GPU Access¶
Preface¶
NREC has kindly provided us with vGPU machines, which we will now be starting to make available to RAIL users
The magic happens when we enable the GPU operator in Elastisys’ welkin-apps, which then configures the nvidia-container-toolkit, and nvidia’s k8s-device-plugin. This toolkit contains a special container runtime, which lets pods running on the node access gpu resources when they request it
Accesss¶
Ask in the RAIL teams chat for permission to request GPU resources in your namespace(s).
Permissions¶
On the RAIL platform the containers are as locked down as possible, and there’s nothing that prevents you from using the GPU in a locked down container, but the container image may not have been built to account for that. If you can build the image to be unprivileged then that is preferred, but otherwise you can also reduce the capabilities of a pod like this:
securityContext:
privileged: false
runAsNonRoot: true
runAsUser: 1000
runAsGroup: 1000
allowPrivilegeEscalation: false
capabilities:
drop:
- ALL
Taints¶
We have dedicated VMs for the GPU workloads, and as such most of the pods should not be scheduled on these nodes unless it’s required. To achieve this the nodes are tainted, and gpu workloads will need to add a toleration if they want to be scheduled on a node with gpu access. This toleration may become automated at some point
Time slicing¶
For a lot of use cases a dedicated GPU can be overkill, and as such we enable time slicing in the nvidia device plugin. The way this works is that it splits the GPU into multiple resources on the k8s side. The drawback is the lack of memory isolation, so you should be careful with using too much memory. Eventually we want to add an out of memory daemon, but for now we ask you to avoid using more memory than VRAM / time slice count. For example with tensorflow there is a memory_limit that you can set
When using a sliced GPU, the number in the resource request doesn’t indicate how much of the GPU can make use of, just whether you can access it at all, for this reason manifests requesting more than one slice will be rejected.
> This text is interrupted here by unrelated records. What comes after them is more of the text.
Lemma pchar_nat_card (L : finFieldType) (R : nzRingType) (f : {rmorphism L -> R}) :
  [pchar R].-nat #|L|.
Proof.
have [p _ pL] := finPcharP L.
rewrite (eq_pnat _ (pcharf_eq (rmorph_pchar f pL))) -cardsT -pgroupE.
exact/abelem_pgroup/fin_ring_pchar_abelem.
Qed.

Lemma natr_card_finField (L : finFieldType) : (#|L|%:R : L) = 0.
Proof.
apply/eqP; apply: contraT; rewrite natf_neq0_pchar => /(pnat_1 (pchar_nat_card idfun)).
by move/eqP; rewrite gtn_eqF ?finNzRing_gt1.
Qed.

Lemma root_map_frobenius (L : finFieldType) (K : fieldType) (e : {rmorphism L -> K})
    (q : {poly L}) y :
  root (map_poly e q) y -> root (map_poly e q) (y ^+ #|L|).
Proof.
have Lpchar := pchar_nat_card e.
rewrite /root -(horner_exp_pchar Lpchar) => [/eqP->|i]; last first.
  by rewrite coef_map -rmorphXn expf_card.
by rewrite expr0n eqn0Ngt; case/andP: Lpchar => ->.
Qed.

Definition progression (R : nzRingType) (z g : R) n := mkseq (fun j => z + j%:R * g) n.

Lemma progression_roots (R : comNzRingType) (q : {poly R}) z g n :
  root q z -> (forall y, root q y -> root q (y + g)) ->
  all (root q) (progression z g n).
Proof.
move=> qz qg; apply/allP => _ /mapP[j _ ->].
by elim: j => [|j IH]; rewrite ?mul0r ?addr0 // -natr1 mulrDl mul1r addrA qg.
Qed.

Section Progression.
Variables (K : fieldType) (p : nat) (z g : K).
Hypotheses (pK : p \in [pchar K]) (g0 : g != 0).

Lemma uniq_progression : uniq (progression z g p).
Proof.
rewrite map_inj_in_uniq ?iota_uniq // => i j; rewrite !mem_iota !add0n => ip jp.
by move/addrI/(mulIf g0)/(natr_inj_pchar pK ip jp).
Qed.

Lemma prod_progression : \prod_(y <- progression z g p) ('X - y%:P) =
  'X^p + (- g ^+ p.-1)%:P * 'X + (g ^+ p.-1 * z - z ^+ p)%:P.
Proof.
have p_gt1 := prime_gt1 (pcharf_prime pK).
have pnat_p : [pchar K].-nat p.
  by rewrite (eq_pnat _ (pcharf_eq pK)) pnat_id ?(pcharf_prime pK).
set T := RHS; have sT : size T = (size (progression z g p)).+1.
  by rewrite size_trinomial // size_mkseq.
have rT : all (root T) (progression z g p).
  apply/allP => _ /mapP[j _ ->].
  rewrite /root !(hornerD, hornerM, hornerC, hornerX, hornerXn).
  rewrite exprDn_pchar // exprMn natr_exp_pchar // -[in g ^+ p](prednK (ltnW p_gt1)).
  by rewrite exprSr; move: (z ^+ p) (g ^+ p.-1) => zp c; apply/eqP; ring.
rewrite [in RHS](all_roots_prod_XsubC sT rT) ?uniq_rootsE ?uniq_progression //.
by rewrite (monicP (monic_trinomial _ _ p_gt1)) scale1r.
Qed.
Also keep in mind that the GPU will switch evenly among all the processes running on the GPU.
See NVIDIA’s documentation for details about the drawbacks and upsides regarding timeslicing
Full pod example¶
apiVersion: v1
kind: Pod
metadata:
name: cuda-vectoradd
namespace: adm-it-yournamespace
spec:
restartPolicy: OnFailure
containers:
- name: cuda-vectoradd
securityContext:
privileged: false
runAsNonRoot: true
runAsUser: 1000
runAsGroup: 1000
allowPrivilegeEscalation: false
capabilities:
drop:
- ALL
image: "nvcr.io/nvidia/k8s/cuda-sample:vectoradd-cuda11.7.1-ubuntu20.04"
resources:
limits:
cpu: 100m
memory: 200Mi
nvidia.com/mig-3g.20gb.shared: 1
tolerations:
- effect: NoSchedule
key: elastisys.io/node-type
operator: Equal
value: gpu
This pod will execute a very simple cuda payload, which lets you see if the GPU works
Resource list¶
GPU |
Resource Name |
Count |
Time slices |
VRAM |
NVIDIA L40S |
nvidia.com/gpu.shared |
1 |
8 |
25GB |
GPU |
Resource Name |
Count |
Time slices |
VRAM |
NVIDIA L40S |
nvidia.com/gpu.shared |
5 |
5 |
25GB |
NVIDIA L40S |
nvidia.com/gpu |
3 |
1 |
25GB |